Estaria o sotaque de inglês ‘refinado’ ameaçado de extinção no Reino Unido?

O sotaque refinado da classe alta – que apreciadores da cultura britânica vão reconhecer de dramas televisivos como Downton Abbey – perdeu um pouco do que se pode chamar de pureza nas últimas décadas, já que mais pessoas falam um misto de inglês “operário” e “das elites”.

Pode parecer algo relacionado à velha obsessão britânica com classes sociais, mas o fato de a rainha não falar mais o que ficou conhecido como o Queen’s English (o inglês da rainha) oferece uma oportunidade de analisar as forças que moldam como falamos.

A ideia de um sotaque “apropriado” surgiu apenas recentemente na história da língua inglesa. Jonnie Robinson, linguista da British Library, conta, por exemplo, que o famoso dicionário de Samuel Johnson, publicado em 1755, não trazia a pronúncia das palavras porque havia a percepção de falta de consenso sobre a forma mais correta de articular palavras. “Se você analisa o século 18, verá que trabalhadores e ricos todos falavam com uma espécie de voz local”. O próprio Johnson tinha um sotaque da região de Lichfield.

Foi a crescente popularidade de escolas em regime de internato que começou a mudar maneira como as elites falavam. Robinson conta que estes estabelecimentos promoviam um sotaque que lembrava mais os sons do sudeste da Inglaterra, em que muitas escolas e universidades se baseavam.

Autoridade

Rapidamente, o sotaque se transformou em sinal de classe e poder, uma associação que ficou ainda exacerbada quando a BBC adotou um padrão oficial de pronúncia – a Received Pronunciation – para as suas transmissões, já em 1936. “Era a voz que todos no Reino Unido e no resto do país associou com autoridade”, explica o linguista.

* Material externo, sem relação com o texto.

Definition nilpotent (H : mset) : Prop :=
  exists k, forall x, lower_central H k x -> x = 1%:M.

Definition is_topology (G : mset) (op : mset -> Prop) : Prop :=
  [/\ (forall U, op U -> msubset U G),
      op G,
      (forall F : mset -> Prop, (forall U, F U -> op U) ->
          op (fun x => exists2 U, F U & U x)) &
      (forall U V, op U -> op V -> op (fun x => U x /\ V x))].

(* G is a subgroup of GL_n(K) and op a topology on G making it a topological
   group: multiplication G x G -> G (product topology) and inversion are
   continuous. *)
Definition is_topological_group (G : mset) (op : mset -> Prop) : Prop :=
  [/\ is_subgroup G,
      is_topology G op,
      (forall U x y, op U -> G x -> G y -> U (x *m y) ->
         exists V W, [/\ op V, op W, V x, W y &
           forall v w, V v -> W w -> U (v *m w)]) &
      (forall U, op U -> op (fun x => G x /\ U (invmx x)))].

Definition open_subgroup (G : mset) (op : mset -> Prop) (H : mset) : Prop :=
  [/\ is_subgroup H, msubset H G & op H].

End GLDefs.

From HB Require Import structures.
From mathcomp Require Import all_boot all_order all_algebra.
From mathcomp Require Import zify.
From Stdlib Require Import Classical FunctionalExtensionality PropExtensionality.
Set Implicit Arguments. Unset Strict Implicit. Unset Printing Implicit Defensive.
Import GRing.Theory.
Local Open Scope ring_scope.

(* Replace the Zariski closure by a bounded-degree one: cl_d(A) is the set of
   x in GL_n(K) at which every polynomial of degree at most d in the
   entries of x and x^-1 vanishing on A vanishes. For a subgroup A it is a subgroup;
   since a commutator is of degree 2 in each argument, the k-th derived (resp.
   lower central) subgroup of cl_(2^k)(H) lies in cl_1 of the k-th derived
   (resp. lower central) subgroup of H, and cl_1({1}) = {1}.
   The polynomials of degree at most d span a finite-dimensional space, so the
   conditions "g^-1 x g lies in cl_d(H)" for all g in G are implied by
   finitely many of them, hence by "g_i^-1 x g_i lies in H" for finitely many
   g_i. Thus N = {x in G | g^-1 x g in cl_d(H) for all g in G} is a normal
   subgroup of G containing an open neighbourhood of 1, hence open, and it
   inherits solubility (nilpotency) from cl_d(H) for d = 2^k. *)

Lemma finite_row_span (F : fieldType) m (S : 'rV[F]_m -> Prop) :
  exists k (A : 'M[F]_(k, m)), (forall i, S (row i A)) /\ forall v, S v -> (v <= A)%MS.
Proof.
suff grow j k (A : 'M[F]_(k, m)) :
    (forall i, S (row i A)) -> (m - \rank A <= j)%N ->
  exists k' (A' : 'M[F]_(k', m)), (forall i, S (row i A')) /\ forall v, S v -> (v <= A')%MS.
  by apply: (grow m 0%N 0) => [[]|]; rewrite ?leq_subr.
elim: j k A => [|j IH] k A SA rkA.
  exists k, A; split=> // v _; apply: submx_full.
  by rewrite /row_full eqn_leq rank_leq_col /=; apply/leP; lia.
have [spanA|] := classic (forall v, S v -> (v <= A)%MS); first by exists k, A.
move=> /not_all_ex_not [v nv]; have [Sv vA] := imply_to_and _ _ nv.
have SvA i : S (row i (col_mx v A)).
  by rewrite -(splitK i); case: split => i'; rewrite ?rowKu ?row_id ?rowKd.
apply: (IH _ _ SvA).
have Asub : (A <= col_mx v A)%MS.
  by have := submx_refl (col_mx v A); rewrite col_mx_sub => /andP[].
have : (\rank A < \rank (col_mx v A))%N.
  apply: rank_ltmx; rewrite ltmxE Asub col_mx_sub /=.
  by apply/negP => /andP[].
have := rank_leq_col (col_mx v A); lia.
Qed.

Lemma finite_vanishing_subfamily (F : fieldType) (I : finType) (T X : Type)
    (D : T -> Prop) (b : I -> T -> F) (P : X -> Prop) (phi : X -> T -> F) :
  (forall p, P p -> exists c : I -> F, forall x, D x -> phi p x = \sum_i c i * b i x) ->
  exists k (ps : 'I_k -> X), (forall r, P (ps r)) /\
    forall p, P p -> forall x, D x -> (forall r, phi (ps r) x = 0) -> phi p x = 0.
Proof.
move=> phi_span.
pose coef (v : 'rV[F]_#|I|) i := v 0 (enum_rank i).
pose S v := exists p, P p /\ forall x, D x -> phi p x = \sum_i coef v i * b i x.
have [k [A [SA spanA]]] := finite_row_span S.
have [ps Pps] := fin_all_exists SA.
exists k, ps; split=> [r|p Pp x Dx phi0]; first by have [] := Pps r.
have [c phiE] := phi_span p Pp.
have Sc : S (\row_j c (enum_val j)).
  exists p; split=> // y Dy; rewrite phiE //.
  by apply: eq_bigr => i _; rewrite /coef mxE enum_rankK.
have /submxP [w cE] := spanA _ Sc.
have coefE i : c i = \sum_r w 0 r * coef (row r A) i.
  have := congr1 (fun v : 'rV_#|I| => v 0 (enum_rank i)) cE.
  by rewrite /= !mxE enum_rankK => ->; apply: eq_bigr => r _; rewrite /coef mxE.
rewrite phiE //; under eq_bigr => i _ do rewrite coefE mulr_suml.
rewrite exchange_big big1 // => r _; have [_ phirE] := Pps r.
by rewrite -(eq_bigr _ (fun i _ => mulrA _ _ _)) -mulr_sumr -phirE // phi0 mulr0.
Qed.

Section PolynomialFunctions.
Variables (K : fieldType) (n : nat).
Local Notation M := 'M[K]_n.
Local Notation J := (option (bool * 'I_n * 'I_n)).

Lemma invmxM (a b : M) : a \in unitmx -> b \in unitmx ->
  invmx (a *m b) = invmx b *m invmx a.
Proof.
move=> ua ub; have uab : a *m b \in unitmx by rewrite unitmx_mul ua.
rewrite -[LHS]mulmx1.
have <- : (a *m b) *m (invmx b *m invmx a) = 1%:M.
  by rewrite mulmxA -(mulmxA a) mulmxV // mulmx1 mulmxV.
by rewrite mulmxA mulVmx // mul1mx.
Qed.

Definition mx_coord (x : M) (j : J) : K :=
  if j is Some (b, i, k) then (if b then invmx x i k else x i k) else 1.

(* [polyfun d f]: on GL_n(K), f is a polynomial of degree at most d in the
   entries of x and of x^-1. *)
Fixpoint polyfun (d : nat) (f : M -> K) : Prop :=
  if d is d'.+1 then
    exists g : J -> M -> K, (forall j, polyfun d' (g j)) /\
      forall x, x \in unitmx -> f x = \sum_j g j x * mx_coord x j
  else exists c, forall x, x \in unitmx -> f x = c.

Lemma polyfun_ext d f f' :
  polyfun d f -> (forall x, x \in unitmx -> f x = f' x) -> polyfun d f'.
Proof.
case: d => [|d] /=; first by case=> c fE eqf; exists c => x ux; rewrite -eqf // fE.
by case=> g [pg fE] eqf; exists g; split=> // x ux; rewrite -eqf // fE.
Qed.

Lemma polyfun_const d c : polyfun d (fun _ => c).
Proof.
elim: d c => [|d IH] c /=; first by exists c.
exists (fun j _ => if j is None then c else 0); split=> [[?|]|x _] //.
by rewrite (bigD1 None) //= big1 ?addr0 ?mulr1 // => -[] // ? _; rewrite mul0r.
Qed.

Lemma polyfun_add d f g : polyfun d f -> polyfun d g -> polyfun d (fun x => f x + g x).
Proof.
elim: d f g => [|d IH] f g /=.
  by case=> c1 fE [c2 gE]; exists (c1 + c2) => x ux; rewrite fE ?gE.
case=> f' [pf fE] [g' [pg gE]].
exists (fun j x => f' j x + g' j x); split=> [j|x ux]; first exact: IH.
by rewrite fE // gE // -big_split; apply: eq_bigr => j _; rewrite mulrDl.
Qed.

Lemma polyfun_scale d a f : polyfun d f -> polyfun d (fun x => a * f x).
Proof.
elim: d f => [|d IH] f /=; first by case=> c fE; exists (a * c) => x ux; rewrite fE.
case=> g [pg fE]; exists (fun j x => a * g j x); split=> [j|x ux]; first exact: IH.
by rewrite fE // mulr_sumr; apply: eq_bigr => j _; rewrite mulrA.
Qed.

Lemma polyfun_sum d (I : Type) (r : seq I) (F : I -> M -> K) :
  (forall i, polyfun d (F i)) -> polyfun d (fun x => \sum_(i <- r) F i x).
Proof.
move=> pF; elim: r => [|i r IH].
  by apply: polyfun_ext (polyfun_const d 0) _ => x _; rewrite big_nil.
by apply: polyfun_ext (polyfun_add (pF i) IH) _ => x _; rewrite big_cons.
Qed.

Lemma polyfun_widen d e f : (d <= e)%N -> polyfun d f -> polyfun e f.
Proof.
elim: e => [|e IH]; first by rewrite leqn0 => /eqP ->.
rewrite leq_eqVlt => /orP [/eqP -> //| /IH {}IH /IH pf].
exists (fun j => if j is None then f else fun _ => 0); split=> [[?|]|x _] //=.
  exact: polyfun_const.
by rewrite (bigD1 None) //= big1 ?addr0 ?mulr1 // => -[] // ? _; rewrite mul0r.
Qed.

Lemma polyfun_mul d e f g :
  polyfun d f -> polyfun e g -> polyfun (d + e) (fun x => f x * g x).
Proof.
move=> pf; elim: e g => [|e IH] g /=.
  case=> c gE; rewrite addn0; apply: polyfun_ext (polyfun_scale c pf) _ => x ux.
  by rewrite gE // mulrC.
case=> h [ph gE]; rewrite addnS.
exists (fun j x => f x * h j x); split=> [j|x ux]; first exact: IH.
by rewrite gE // mulr_sumr; apply: eq_bigr => j _; rewrite mulrA.
Qed.

Lemma polyfun_coord j : polyfun 1 (fun x => mx_coord x j).
Proof.
exists (fun i _ => if i == j then 1 else 0); split=> [i|x _] /=.
  by exists (if i == j then 1 else 0).
rewrite (bigD1 j) //= eqxx mul1r big1 ?addr0 // => i /negbTE ->.
by rewrite mul0r.
Qed.

Definition polymx d (F : M -> M) := forall i k, polyfun d (fun x => F x i k).

Lemma polymx_ext d F F' :
  polymx d F -> (forall x, x \in unitmx -> F x = F' x) -> polymx d F'.
Proof. by move=> pF eqF i k; apply: polyfun_ext (pF i k) _ => x /eqF ->. Qed.

Lemma polymx_mul d e F G :
  polymx d F -> polymx e G -> polymx (d + e) (fun x => F x *m G x).
Proof.
move=> pF pG i k; apply: polyfun_ext _ (fun x _ => esym (mxE _ _ _ _)).
by apply: polyfun_sum => j; apply: polyfun_mul.
Qed.

Definition polymap e (F : M -> M) :=
  [/\ forall x, x \in unitmx -> F x \in unitmx, polymx e F
    & polymx e (fun x => invmx (F x))].

Lemma polymap_const c : c \in unitmx -> polymap 0 (fun _ => c).
Proof. by move=> uc; split=> // i k; apply: polyfun_const. Qed.

Lemma polymap_id : polymap 1 id.
Proof.
split=> // i k; first exact: (polyfun_coord (Some (false, i, k))).
exact: (polyfun_coord (Some (true, i, k))).
Qed.

Lemma polymap_invmx e F : polymap e F -> polymap e (fun x => invmx (F x)).
Proof.
case=> uF pF pFV; split=> [x /uF|//|]; first by rewrite unitmx_inv.
by apply: polymx_ext pF _ => x _; rewrite invmxK.
Qed.

Lemma polymap_mul d e F G :
  polymap d F -> polymap e G -> polymap (d + e) (fun x => F x *m G x).
Proof.
case=> uF pF pFV [uG pG pGV]; split.
- by move=> x ux; rewrite unitmx_mul uF ?uG.
- exact: polymx_mul.
rewrite addnC; apply: polymx_ext (polymx_mul pGV pFV) _ => x ux.
by rewrite invmxM ?uF ?uG.
Qed.

Lemma polymap_coord e F j : polymap e F -> polyfun e (fun x => mx_coord (F x) j).
Proof.
case=> _ pF pFV; case: j => [[[[] i] k]|]; [exact: pFV | exact: pF |].
exact: polyfun_const.
Qed.

Lemma polyfun_comp d e f F :
  polyfun d f -> polymap e F -> polyfun (d * e) (fun x => f (F x)).
Proof.
move=> pf pF; have [uF _ _] := pF; elim: d f pf => [|d IH] f /=.
  by case=> c fE; exists c => x ux; rewrite fE // uF.
case=> g [pg fE]; rewrite mulSn addnC.
apply: polyfun_ext (_ : polyfun _ (fun x => \sum_j g j (F x) * mx_coord (F x) j)) _.
  by apply: polyfun_sum => j; apply: polyfun_mul; [apply: IH | apply: polymap_coord].
by move=> x ux; rewrite fE // uF.
Qed.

Em meados do século 20, o sistema de classes já era mais fluido: o sotaque agora era uma das poucas maneiras de ressaltar que alguém tinha herdado sua fortuna em vez de construí-la. A escritora Nancy Mitford expressou isso ironicamente ao dizer que “apenas a linguagem distingue as classes mais altas, já que eles já não são mais limpos, ricos ou mais educados que o resto”.

Talvez fosse apenas uma questão de tempo para que a desigualdade linguística também diminuísse. Mais e mais pessoas de classe trabalhadora começaram a ocupar posições de poder, e isso fez com que características de sotaques mais regionais começassem a aparecer na Received Pronunciation. “Há mais gente agora que fala um inglês em que a pronúncia da BBC se mistura ao cockney“, conta Jonathan Harrington, da Universidade Ludwig Maximilian, em Munique.

E um sinal disso é o fato de que os príncipes William e Harry falam justamente desse jeito.

Já na época do Casamento Real de 2011, Kate Middleton, então noiva de William, falava com um sotaque mais polido e aristocrático que o segundo na fila do trono britânico. Algo que pode ter sido causado pela pressão psicológica de ser a primeira pessoa sem “sangue azul” em mais de 300 anos a se casar com um membro da família real.

Não é muita surpresa que pessoas mais jovens adotem alguns tons que escutam nas ruas como forma de reação contra sua criação. “Seria trejeitos que nos fariam parecem mais moderninhos e antenados, mas que abandonamos quando crescemos”, explica o linguista.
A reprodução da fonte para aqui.